Larry Pickett, chief information and digital officer at Syneos Health, a biopharmaceutical services company, recently said that the current cost of training a model based on professional health data is about $1 million to $2 million. By using smaller, open-source pre-trained models instead of building on top of the entire dataset owned by OpenAI, the cost is greatly reduced. Enterprise technology leaders are under pressure to prepare data for AI models, and data and data intelligence platforms become pain points and opportunity points for entrepreneurs.

It can be seen that vertical industries, data security, and lower costs may all be important opportunities for AI startups to avoid the footprints of giant beasts and seek commercial success.

Conclusion: Generative AI entrepreneurship "attracts gold", and startups should avoid the footprints of giant beasts

The US$1.3 billion generative AI M&A brought a new reference for AI entrepreneurship.

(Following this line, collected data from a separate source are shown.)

(* Let $\lambda>0$, let $\Theta$ be a set (of market scenarios), and let $\eta:\mathbb{R}^n\times\Theta\to\mathbb{R}$, $\xi:\mathbb{R}^n\times\Theta\to\mathbb{R}^n$ be given. For $\alpha\in\mathbb{R}^n$, $\theta\in\Theta$ and a function $\psi(t,x)$ of class $C^{1,2}$ define $$\mathcal{L}^{\alpha,\theta}\psi(t,x)=\psi_t(t,x)+\eta(\alpha,\theta)\psi_x(t,x)+\tfrac12\|\xi(\alpha,\theta)\|_2^2\,\psi_{xx}(t,x),\qquad \mathcal{H}^{\alpha,\theta}\psi(t,x)=\|\xi(\alpha,\theta)\|_2^2\,\psi_x^2(t,x).$$ Let $\hat\alpha(t,x)\in\mathbb{R}^n$ and $\hat\theta(t,x)\in\Theta$ be given (feedback) functions. Consider System (I) for $(V,g)$: $$\sup_{\alpha\in\mathbb{R}^n}\inf_{\theta\in\Theta}\{\mathcal{L}^{\alpha,\theta}V(t,x)-\lambda\mathcal{H}^{\alpha,\theta}g(t,x)\}=\mathcal{L}^{\hat\alpha,\hat\theta}V(t,x)-\lambda\mathcal{H}^{\hat\alpha,\hat\theta}g(t,x)=0,\quad \mathcal{L}^{\hat\alpha,\hat\theta}g(t,x)=0,\quad V(T,x)=x,\quad g(T,x)=x,$$ and System (II) for $(f,g)$: $$\sup_{\alpha\in\mathbb{R}^n}\inf_{\theta\in\Theta}\{\mathcal{L}^{\alpha,\theta}f(t,x)+2\lambda g(t,x)\mathcal{L}^{\alpha,\theta}g(t,x)\}=\mathcal{L}^{\hat\alpha,\hat\theta}f(t,x)+2\lambda g(t,x)\mathcal{L}^{\hat\alpha,\hat\theta}g(t,x)=0,$$ $$\mathcal{L}^{\hat\alpha,\hat\theta}f(t,x)=0,\quad \mathcal{L}^{\hat\alpha,\hat\theta}g(t,x)=0,\quad f(T,x)=x-\lambda x^2,\quad g(T,x)=x.$$ Then: (1) if $(V,g)$ is a solution of System (I) with $V,g\in C^{1,2}$ in $(t,x)$, then $(f,g)$ with $f:=V-\lambda g^2$ is a solution of System (II); (2) if $(f,g)$ is a solution of System (II) with $f,g\in C^{1,2}$ in $(t,x)$, then $(V,g)$ with $V:=f+\lambda g^2$ is a solution of System (I).
   Context: These PDE systems arise from the robust dynamic mean-variance problem with wealth dynamics $dX_s=\eta(\alpha_s,\theta_s)ds+\xi(\alpha_s,\theta_s)\cdot d\mathcal{B}_s$ on $[t,T]$ and objective $E_t[X_T]-\lambda\,\mathrm{Var}_t(X_T)$; $\hat\alpha$ is a candidate equilibrium strategy and $\hat\theta$ the corresponding worst-case scenario. *)

From Stdlib Require Import Reals.
From Stdlib Require Fin.
From Coquelicot Require Import Coquelicot.
Open Scope R_scope.

Definition vec (n : nat) := Fin.t n -> R.

Fixpoint sqnorm {n : nat} : vec n -> R :=
  match n return vec n -> R with
  | O => fun _ => 0
  | S m => fun v => (v Fin.F1) ^ 2 + sqnorm (fun i : Fin.t m => v (Fin.FS i))
  end.

Definition d_t (psi : R -> R -> R) (t x : R) : R := Derive (fun s => psi s x) t.
Definition d_x (psi : R -> R -> R) (t x : R) : R := Derive (fun y => psi t y) x.
Definition d_xx (psi : R -> R -> R) (t x : R) : R := Derive (fun y => d_x psi t y) x.

Definition C12 (psi : R -> R -> R) : Prop :=
  forall t x : R,
    ex_derive (fun s => psi s x) t /\
    ex_derive (fun y => psi t y) x /\
    ex_derive (fun y => d_x psi t y) x /\
    continuous (fun p : R * R => psi (fst p) (snd p)) (t, x) /\
    continuous (fun p : R * R => d_t psi (fst p) (snd p)) (t, x) /\
    continuous (fun p : R * R => d_x psi (fst p) (snd p)) (t, x) /\
    continuous (fun p : R * R => d_xx psi (fst p) (snd p)) (t, x).

Definition Lgen {n : nat} {Theta : Type}
  (eta : vec n -> Theta -> R) (xi : vec n -> Theta -> vec n)
  (a : vec n) (th : Theta) (psi : R -> R -> R) (t x : R) : R :=
  d_t psi t x + eta a th * d_x psi t x + / 2 * sqnorm (xi a th) * d_xx psi t x.

Definition Hgen {n : nat} {Theta : Type}
  (xi : vec n -> Theta -> vec n)
  (a : vec n) (th : Theta) (psi : R -> R -> R) (t x : R) : R :=
  sqnorm (xi a th) * (d_x psi t x) ^ 2.

Definition supinf {n : nat} {Theta : Type} (F : vec n -> Theta -> R) : Rbar :=
  Rbar_lub (fun r => exists a : vec n,
    r = Rbar_glb (fun s => exists th : Theta, s = Finite (F a th))).

Definition SystemI {n : nat} {Theta : Type}
  (eta : vec n -> Theta -> R) (xi : vec n -> Theta -> vec n) (lam T : R)
  (ah : R -> R -> vec n) (thh : R -> R -> Theta) (V g : R -> R -> R) : Prop :=
  (forall t x : R, 0 <= t < T ->
     supinf (fun a th => Lgen eta xi a th V t x - lam * Hgen xi a th g t x)
       = Finite (Lgen eta xi (ah t x) (thh t x) V t x
                 - lam * Hgen xi (ah t x) (thh t x) g t x) /\
     Lgen eta xi (ah t x) (thh t x) V t x
       - lam * Hgen xi (ah t x) (thh t x) g t x = 0 /\
     Lgen eta xi (ah t x) (thh t x) g t x = 0) /\
  (forall x : R, V T x = x /\ g T x = x).

Definition SystemII {n : nat} {Theta : Type}
  (eta : vec n -> Theta -> R) (xi : vec n -> Theta -> vec n) (lam T : R)
  (ah : R -> R -> vec n) (thh : R -> R -> Theta) (f g : R -> R -> R) : Prop :=
  (forall t x : R, 0 <= t < T ->
     supinf (fun a th => Lgen eta xi a th f t x
                         + 2 * lam * g t x * Lgen eta xi a th g t x)
       = Finite (Lgen eta xi (ah t x) (thh t x) f t x
                 + 2 * lam * g t x * Lgen eta xi (ah t x) (thh t x) g t x) /\
     Lgen eta xi (ah t x) (thh t x) f t x
       + 2 * lam * g t x * Lgen eta xi (ah t x) (thh t x) g t x = 0 /\
     Lgen eta xi (ah t x) (thh t x) f t x = 0 /\
     Lgen eta xi (ah t x) (thh t x) g t x = 0) /\
  (forall x : R, f T x = x - lam * x ^ 2 /\ g T x = x).

(* The chain rule gives, for psi + c phi^2, the Ito-type identity
   L(psi + c phi^2) = L psi + c (2 phi L phi + H phi).
   With c = -lambda this turns the Hamiltonian L V - lambda H g of System (I)
   into the Hamiltonian L f + 2 lambda g L g of System (II), pointwise in
   (alpha, theta); so the two sup-inf problems, their optimisers and their
   optimal values coincide, and with L g = 0 along the optimiser also L f = 0.
   The terminal conditions correspond because g(T, x) = x. *)

From Stdlib Require Import Reals Lra FunctionalExtensionality.
From Coquelicot Require Import Coquelicot.
Open Scope R_scope.

Section AddSquare.

Variables (psi phi : R -> R -> R) (c : R).

Let F (t x : R) : R := psi t x + c * phi t x ^ 2.

Lemma is_derive_add_scal_sqr (u v : R -> R) (y du dv : R) :
  is_derive u y du -> is_derive v y dv ->
  is_derive (fun z => u z + c * v z ^ 2) y (du + c * (2 * v y * dv)).
Proof.
  intros Hu Hv.
  apply (is_derive_plus u); [exact Hu |].
  replace (c * (2 * v y * dv)) with (c * (INR 2 * dv * v y ^ Nat.pred 2))
    by (simpl; ring).
  apply (is_derive_scal (fun z => v z ^ 2)), is_derive_pow, Hv.
Qed.

Lemma d_t_add_sqr (t x : R) :
  ex_derive (fun s => psi s x) t -> ex_derive (fun s => phi s x) t ->
  d_t F t x = d_t psi t x + c * (2 * phi t x * d_t phi t x).
Proof.
  intros Hpsi Hphi.
  apply is_derive_unique,
    (is_derive_add_scal_sqr (fun s => psi s x) (fun s => phi s x));
    apply Derive_correct; assumption.
Qed.

Lemma d_x_add_sqr (t x : R) :
  ex_derive (fun y => psi t y) x -> ex_derive (fun y => phi t y) x ->
  d_x F t x = d_x psi t x + c * (2 * phi t x * d_x phi t x).
Proof.
  intros Hpsi Hphi.
  apply is_derive_unique,
    (is_derive_add_scal_sqr (fun y => psi t y) (fun y => phi t y));
    apply Derive_correct; assumption.
Qed.

Lemma d_xx_add_sqr (t x : R) :
  (forall y, ex_derive (fun z => psi t z) y) ->
  (forall y, ex_derive (fun z => phi t z) y) ->
  ex_derive (fun y => d_x psi t y) x -> ex_derive (fun y => d_x phi t y) x ->
  d_xx F t x
  = d_xx psi t x + c * (2 * d_x phi t x ^ 2 + 2 * phi t x * d_xx phi t x).
Proof.
  intros Hpsi Hphi Hpsi' Hphi'.
  unfold d_xx.
  rewrite (Derive_ext _ (fun y => d_x psi t y + c * (2 * phi t y * d_x phi t y)))
    by (intro y; apply d_x_add_sqr; auto).
  apply is_derive_unique, (is_derive_plus (fun y => d_x psi t y));
    [apply Derive_correct; exact Hpsi' |].
  apply (is_derive_scal (fun y => 2 * phi t y * d_x phi t y)).
  replace (2 * d_x phi t x ^ 2 + 2 * phi t x * Derive (fun y => d_x phi t y) x)
    with (2 * d_x phi t x * d_x phi t x
          + 2 * phi t x * Derive (fun y => d_x phi t y) x) by ring.
  apply (is_derive_mult (fun y => 2 * phi t y) (fun y => d_x phi t y)).
  - apply (is_derive_scal (fun y => phi t y)), Derive_correct, Hphi.
  - apply Derive_correct, Hphi'.
  - intros; apply Rmult_comm.
Qed.

Lemma Lgen_add_sqr {n : nat} {Theta : Type}
  (eta : vec n -> Theta -> R) (xi : vec n -> Theta -> vec n)
  (a : vec n) (th : Theta) (t x : R) :
  C12 psi -> C12 phi ->
  Lgen eta xi a th F t x
  = Lgen eta xi a th psi t x
    + c * (2 * phi t x * Lgen eta xi a th phi t x + Hgen xi a th phi t x).
Proof.
  intros Hpsi Hphi.
  unfold Lgen, Hgen.
  destruct (Hpsi t x) as [Hpsi_t [Hpsi_x [Hpsi_xx _]]].
  destruct (Hphi t x) as [Hphi_t [Hphi_x [Hphi_xx _]]].
  rewrite (d_t_add_sqr t x Hpsi_t Hphi_t), (d_x_add_sqr t x Hpsi_x Hphi_x),
    (d_xx_add_sqr t x (fun y => proj1 (proj2 (Hpsi t y)))
       (fun y => proj1 (proj2 (Hphi t y))) Hpsi_xx Hphi_xx).
  field.
Qed.

End AddSquare.

Lemma supinf_ext {n : nat} {Theta : Type} (F G : vec n -> Theta -> R) :
  (forall a th, F a th = G a th) -> supinf F = supinf G.
Proof.
  intro HFG.
  f_equal.
  apply functional_extensionality; intro a.
  apply functional_extensionality; intro th.
  apply HFG.
Qed.

Section Correspondence.

Context {n : nat} {Theta : Type}
  (eta : vec n -> Theta -> R) (xi : vec n -> Theta -> vec n)
  (lam T : R) (ah : R -> R -> vec n) (thh : R -> R -> Theta).

Lemma SystemI_SystemII (V g : R -> R -> R) :
  C12 V -> C12 g -> SystemI eta xi lam T ah thh V g ->
  SystemII eta xi lam T ah thh (fun t x => V t x - lam * g t x ^ 2) g.
Proof.
  intros HV Hg [Hpde Hterm].
  assert (Hham : forall a th t x,
    Lgen eta xi a th (fun t x => V t x - lam * g t x ^ 2) t x
      + 2 * lam * g t x * Lgen eta xi a th g t x
    = Lgen eta xi a th V t x - lam * Hgen xi a th g t x).
  { intros a th t x.
    replace (fun t x => V t x - lam * g t x ^ 2)
      with (fun t x => V t x + - lam * g t x ^ 2)
      by (do 2 (apply functional_extensionality; intro); ring).
    rewrite Lgen_add_sqr by assumption.
    ring. }
  split.
  - intros t x Ht.
    destruct (Hpde t x Ht) as [Hsup [Hval Hg0]].
    rewrite (supinf_ext _ _ (fun a th => Hham a th t x)), !Hham.
    repeat split; try assumption.
    specialize (Hham (ah t x) (thh t x) t x).
    rewrite Hg0 in Hham; lra.
  - intro x.
    destruct (Hterm x) as [HVT HgT].
    rewrite HVT, HgT; split; reflexivity.
Qed.

Lemma SystemII_SystemI (f g : R -> R -> R) :
  C12 f -> C12 g -> SystemII eta xi lam T ah thh f g ->
  SystemI eta xi lam T ah thh (fun t x => f t x + lam * g t x ^ 2) g.
Proof.
  intros Hf Hg [Hpde Hterm].
  assert (Hham : forall a th t x,
    Lgen eta xi a th (fun t x => f t x + lam * g t x ^ 2) t x
      - lam * Hgen xi a th g t x
    = Lgen eta xi a th f t x + 2 * lam * g t x * Lgen eta xi a th g t x).
  { intros a th t x.
    rewrite Lgen_add_sqr by assumption.
    ring. }
  split.
  - intros t x Ht.
    destruct (Hpde t x Ht) as [Hsup [Hval [_ Hg0]]].
    rewrite (supinf_ext _ _ (fun a th => Hham a th t x)), !Hham.
    repeat split; assumption.
  - intro x.
    destruct (Hterm x) as [HfT HgT].
    rewrite HfT, HgT; split; [ring | reflexivity].
Qed.

End Correspondence.

Theorem proposition1 (n : nat) (Theta : Type)
  (eta : vec n -> Theta -> R) (xi : vec n -> Theta -> vec n)
  (lam T : R) (ah : R -> R -> vec n) (thh : R -> R -> Theta) :
  0 < lam ->
  (forall V g : R -> R -> R, C12 V -> C12 g ->
     SystemI eta xi lam T ah thh V g ->
     SystemII eta xi lam T ah thh (fun t x => V t x - lam * (g t x) ^ 2) g) /\
  (forall f g : R -> R -> R, C12 f -> C12 g ->
     SystemII eta xi lam T ah thh f g ->
     SystemI eta xi lam T ah thh (fun t x => f t x + lam * (g t x) ^ 2) g).
Proof.
  intros _.
  split; [apply SystemI_SystemII | apply SystemII_SystemI].
Qed.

Although the founding time, scale, and talent strength of MosaicML seem to be very limited, and its large model effect has not yet caught up with GPT-4, MosaicML has still been given high recognition by the acquirer Databricks, thus verifying its value in stages.

In fact, some people think that the value of Databricks' integration of large language models is not clear enough, which may be hyped by the popularity of large models, and this case reference still needs time to verify. However, in any case, the MosaicML case does point out the key elements of AI entrepreneurship such as vertical industries, data security, and lower costs, which are worthy of industry reference.